Chapter Thirty-One

We spent a futile stretch in the break room, while Shelton tried to get us to share everything and I tried to get him to share everything.

“Lloyd, see these people out,” he finally snapped.

Interesting.

Shelton mostly had Richard Alvaro deal with us if he did any delegating, because Lloyd was more porous than Richard.

I gave Lloyd a smile as I stood and slid my hand inside his arm, like he’d offered to escort me at a cotillion. He blinked in surprise, then the tops of his ears pinkened.

“That’s so kind of you, Deputy Sampson.” I dropped my voice low — too low for Shelton to hear — and tipped my head toward Lloyd’s as we walked down the hall with Tom and James behind. “I’m nearly exhausted with Hiram talking our ear off. You know how he can be.”

Lloyd mirrored my actions, dropping his voice and leaning his head closer. “Sure can. That’s why it was weird him refusing to talk before. Wouldn’t say a word once we got him to the office. Seems to have loosened up some.”

I remembered that gleam in Shelton’s eye at Lukasik Ranch. Had he agreed to let Tom and me see Hiram in hopes we’d act as lubricant to get him to talk.

“He has. He surely has.” I patted the deputy’s arm as we parted at that door.

“What was that about?” James asked once we were all outside.

I looked back at the door. “I’m not sure. I’ll let you know if I figure it out.”

“And if she thinks you should know,” Tom said.

“If it concerns my client—”

“Tom’s pulling your leg, James, in hopes of making me trip. It’s nothing directly concerning your client’s legal position. I promise.”

He had to be satisfied with that.

Tom made a major detour from the sheriff’s department to my house by going the opposite direction and arriving at the Sherman Supermarket.

“Want to come in or stay in the truck? I’ll be a minute.”

“I’ll stay.”

I thought I’d have more time to run back what Hiram said, but, true to his word, Tom came out almost immediately.

A stock boy carried a six pack in one hand and a grocery bag in another, putting them in the back seat of the pickup. Tom put the two covered trays he carried on the back seat, preventing them from sliding forward by wedging a tool I didn’t recognize from floor to ceiling in front of them.

He returned to behind the wheel.

“So this is your version of rustling up the food for tonight, Burrell?”

“I can take off plastic wrap with the best of them.”

“They had it waiting for you?”

“Penny.”

It was long past her usual shift, so he must have arranged this earlier.

“I’m always surprised this place is open at this hour.” Actually, it stayed open until eleven, which I knew from a few emergency cookie runs after a newscast. “Considering most stores in town close early.”

“Serving the after-work crowd.”

I raised my eyebrows at the widely spaced vehicles — all pickups — in the lot.

“Ranchers quit work when last light goes. You get a good order from a rancher coming in for a stock-up, and that makes it worthwhile staying open.”

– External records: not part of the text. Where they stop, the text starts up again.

(* Let $P$ be any poset on $\{1,2,\ldots,n\}$ and $k$ any field. Let $S=k[U_J]_{J\in\mathcal{J}_{\mathrm{conn}}(P)}$ be the polynomial ring with one variable for each nonempty connected order ideal of $P$, and let $\varphi:S\to R_P$ be the $k$-algebra map $U_J\mapsto \mathbf{x}^J:=\prod_{j\in J}x_j$. Then $\varphi$ is surjective, so $0\to I_P\to S\xrightarrow{\varphi} R_P\to 0$ is a presentation of $R_P$ with $I_P=\ker\varphi$, and this presentation is minimal; moreover $I_P$ has a minimal generating set indexed by $\Pi(P)$, consisting of the binomials $$\mathrm{syz}_{J_1,J_2}:=U_{J_1}U_{J_2}-U_{J_1\cup J_2}\cdot U_{J^{(1)}}U_{J^{(2)}}\cdots U_{J^{(t)}},\qquad \{J_1,J_2\}\in\Pi(P),$$ where $J^{(1)},\ldots,J^{(t)}$ are the connected components (i.e. the vertex sets of the connected components of the restricted Hasse diagram) of $J_1\cap J_2$.
   Context: All posets are finite. A weak $P$-partition of a poset $P$ on $\{1,\ldots,n\}$ is a map $f:\{1,\ldots,n\}\to\mathbb{N}=\{0,1,2,\ldots\}$ with $f(i)\ge f(j)$ whenever $i<_P j$. $R_P$ is the subalgebra of $k[x_1,\ldots,x_n]$ spanned $k$-linearly by the monomials $\mathbf{x}^f=x_1^{f(1)}\cdots x_n^{f(n)}$ for $f$ a weak $P$-partition. An order ideal of $P$ is a subset $I$ with $p\le_P i\in I\Rightarrow p\in I$. A connected order ideal is a nonempty order ideal $J$ whose induced Hasse diagram (the Hasse diagram of $P$ restricted to $J$) is connected; $\mathcal{J}_{\mathrm{conn}}(P)$ is the set of these. Two connected order ideals intersect trivially if they are disjoint or nested (one contains the other), and nontrivially otherwise. $\Pi(P)$ is the set of unordered pairs $\{J_1,J_2\}$ of connected order ideals intersecting nontrivially. *)

From HB Require Import structures.
From mathcomp Require Import all_boot all_order all_algebra.
From mathcomp Require Export mpoly.
Set Implicit Arguments. Unset Strict Implicit. Unset Printing Implicit Defensive.
Import GRing.Theory.
Local Open Scope ring_scope.
Definition Mset (i : 'I_n) : set 'M[C]_d :=
  [set E | psd E /\ \tr ((RtoC (Cx i) *: rho0 - RtoC (eta i) *: rho i) *m E) = 0].

Definition Mdual (i : 'I_n) : set 'M[C]_d :=
  [set E | hermitian E /\ forall F, Mset i F -> 0 <= \tr (E *m F)].

Definition Mmeas (Mq : 'M[C]_d) (M : 'I_n -> 'M[C]_d) : Prop :=
  measurement Mq M /\ forall i, Mset i (M i).

Definition pG : R :=
  sup [set r : R | exists Mq M, Mmeas Mq M /\
        r = complex.Re (\sum_(i < n) RtoC (eta i) * \tr (rho i *m M i))].

Definition Hset : set 'M[C]_d :=
  [set H | psd H /\ forall i, Mdual i (H - RtoC (eta i) *: rho i)].

Definition qG : R := inf [set r : R | exists H, Hset H /\ r = complex.Re (\tr H)].

End QuantumDefs.

(* Weak duality is the usual pairing of a measurement with a dual-feasible H.
   For strong duality, consider the perturbation function phi(X): the supremum
   of the objective over cone-valued families Mf with sum_i Mf_i below
   herm(X) + t*1, each unit of slack t being charged a fixed penalty. phi is
   superadditive and positively homogeneous, nonnegative on psd matrices, at
   least Re tr(c_i F) on F in K_i, and phi(s*1) <= s*p for the primal value p.
   A finite-dimensional Hahn-Banach extension in real coordinates then gives a
   real-linear functional X |-> Re tr(G X) above phi which equals p at the
   identity; the hermitian part of G is dual feasible with trace at most p. *)

From Pilot Require Import Defs.
From HB Require Import structures.
From mathcomp Require Import all_boot all_order all_algebra.
From mathcomp Require Import classical_sets reals complex lra.
From mathcomp Require Import spectral.
(* [spectral] puts sesquilinear's [hermitian] notation in scope; [hermitian]
   below always means the predicate of [Defs]. *)
Import Defs.
Lemma is_derive_ev2_y p x y : is_derive (fun t => ev2 p x t) y (ev2 p^`M(vy) x y).
Proof.
elim/mpolyind: p => [|c m p _ _ IH].
  rewrite mderiv0 ev2_0; apply: (@is_derive_ext R_AbsRing R_NormedModule (fun _ => 0)).
    by move=> t; rewrite ev2_0.
  exact: is_derive_const.
apply: (@is_derive_ext R_AbsRing R_NormedModule
          (fun t => ratr c * x ^+ m vx * t ^+ m vy + ev2 p x t)).
  by move=> t; rewrite ev2D ev2Z ev2Xm; ring.
apply: eq_is_derive; first exact: is_derive_plus (is_derive_scal _ _ _ _ (is_derive_exprn _ y)) IH.
rewrite mderivD mderivZ mderivX ev2D !ev2Z ev2Xm !mnmBE !mnm1E subn1 subn0 ratr_nat.
by rewrite /plus /scal /= /mult /= RplusE !RmultE; ring.
Qed.

Definition gauss (s : R) : R := exp (Ropp (pow s 2)).

Lemma Erf_gauss t : Erf t = RInt gauss 0 t.
Proof. by apply: RInt_ext => s _; rewrite /gauss RpowE. Qed.

Lemma is_derive_gauss t : is_derive gauss t (- (2 * t) * gauss t).
Proof.
apply: eq_is_derive; first by rewrite /gauss; auto_derive.
by rewrite /gauss !(RplusE, RmultE, RoppE, RpowE, R1E); ring.
Qed.

Lemma continuous_gauss t : continuous gauss t.
Proof. exact/ex_derive_continuous/(ex_intro _ _ (is_derive_gauss t)). Qed.

Lemma is_derive_Erf t : is_derive Erf t (gauss t).
Proof.
apply: (is_derive_RInt gauss Erf 0 t); last exact: continuous_gauss.
apply: filter_forall => b; rewrite Erf_gauss; apply: RInt_correct.
by apply: ex_RInt_continuous => s _; apply: continuous_gauss.
Qed.

Lemma ev2_gderiv (i j : 'I_2) a x y :
  ev2 (gderiv i j a) x y = ev2 a^`M(i) x y - 2 * (ev2 'X_i x y - ev2 'X_j x y) * ev2 a x y.
Proof. by rewrite /gderiv ev2B !ev2M ev2B ev2_nat. Qed.

Lemma is_derive_gauss_erf_x a b x y :
  is_derive (fun t => ev2 a t y * gauss (t - y) + ev2 b t y * Erf (t - y)) x
    (ev2 (gderiv vx vy a + b) x y * gauss (x - y) + ev2 b^`M(vx) x y * Erf (x - y)).
Proof.
have du : is_derive (fun t => Rminus t y) x 1.
  by apply: eq_is_derive; first auto_derive.
have dg := is_derive_comp gauss _ x _ _ (is_derive_gauss (x - y)) du.
have dE := is_derive_comp Erf _ x _ _ (is_derive_Erf (x - y)) du.
apply: eq_is_derive.
  apply: is_derive_plus; apply: is_derive_mult;
    by [exact: is_derive_ev2_x | exact: dg | exact: dE | move=> *; apply: Rmult_comm].
rewrite ev2D ev2_gderiv ev2Xx ev2Xy /plus /mult /scal /= /mult /=.
by rewrite !(RplusE, RmultE); ring.
Qed.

I looked at the profile of the man beside me.

Growing up in Illinois, Abraham Lincoln’s portrait resided in every grade school classroom I attended. I never quite shook the feeling Abe was the presidential version of my patron saint.

Thomas David Burrell bore a resemblance to the sixteenth president of the United States. Tom’s bone structure was more refined, his nose less substantial, his hair not as unruly. Somewhere between Daniel Day-Lewis as Lincoln and the real thing, yet all himself.

I sidestepped the thought that desire and a patron saint didn’t mix, and addressed what made me turn to him in the first place.

“Yet here you are, working after sunset on something entirely different.”

He glanced to his left, then pulled out into the empty road.

“Tamantha,” he said, in full and eloquent explanation.

A good reminder of priorities. His daughter was worried about him. He’d do whatever he could to put her mind at rest. Even give up prime ranch time to chase after threads he hoped would tie up a murderer.

It wasn’t the Gettysburg Address, but then it was a lot shorter.